**Task brief**
Read the lines below, and copy any that contain the string "Require".

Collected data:
(* For every finite field extension $\mathbb{K}/\mathbb{Q}$ with $\mathbb{K}$ real (embeddable in $\mathbb{R}$), there exists a finite set $\mathcal{I}$ of CI constraints such that the semidefinite model $\mathcal{K}^-_{\mathbb{R}}(\mathcal{I})$ is non-empty and for every $\Sigma\in\mathcal{K}^-_{\mathbb{R}}(\mathcal{I})$ the subfield of $\mathbb{R}$ generated by the entries of $\Sigma$ admits a field embedding of $\mathbb{K}$. That is, all real algebraic numbers are necessary to witness the non-emptiness of (semidefinite) Gaussian CI models.
   Context: Let $\mathsf{N}$ be a finite ground set. A CI statement is a symbol $(\mathsf{ij}|\mathsf{K})$ with $\mathsf{i}\neq\mathsf{j}\in\mathsf{N}$, $\mathsf{K}\subseteq\mathsf{N}\setminus\{\mathsf{i},\mathsf{j}\}$. For a symmetric matrix $\Sigma$ write $[\mathsf{L}:\Sigma]=\det\Sigma_{\mathsf{L}}$ (with $\det$ of the empty matrix equal to $1$) and $[\mathsf{ij}|\mathsf{L}:\Sigma]=\det\Sigma_{\mathsf{i}\mathsf{L},\mathsf{j}\mathsf{L}}$. For a real positive-semidefinite symmetric $\Sigma$, the statement $(\mathsf{ij}|\mathsf{K})$ holds iff $[\mathsf{ij}|\mathsf{L}:\Sigma]=0$ for a subset $\mathsf{L}\subseteq\mathsf{K}$ with $[\mathsf{L}:\Sigma]\neq0$ and $\operatorname{rk}\Sigma_{\mathsf{L}}=\operatorname{rk}\Sigma_{\mathsf{K}}$ (this does not depend on the choice of such $\mathsf{L}$). A set of CI constraints $\mathcal{I}$ consists of statements $(\mathsf{ij}|\mathsf{K})$ and negations $\neg(\mathsf{ij}|\mathsf{K})$, the latter holding iff the statement does not hold. The semidefinite model $\mathcal{K}^-_{\mathbb{R}}(\mathcal{I})$ is the set of all real positive-semidefinite symmetric $\mathsf{N}\times\mathsf{N}$ matrices satisfying all constraints in $\mathcal{I}$ in this sense. *)

From HB Require Import structures.
From mathcomp Require Import all_boot all_order all_algebra all_field.
From mathcomp Require Import reals.
Set Implicit Arguments. Unset Strict Implicit. Unset Printing Implicit Defensive.
Import Order.TTheory GRing.Theory Num.Theory.
Local Open Scope ring_scope.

**Exercise solution**
From HB Require Import structures.
From mathcomp Require Import all_boot all_order all_algebra all_field.
From mathcomp Require Import reals.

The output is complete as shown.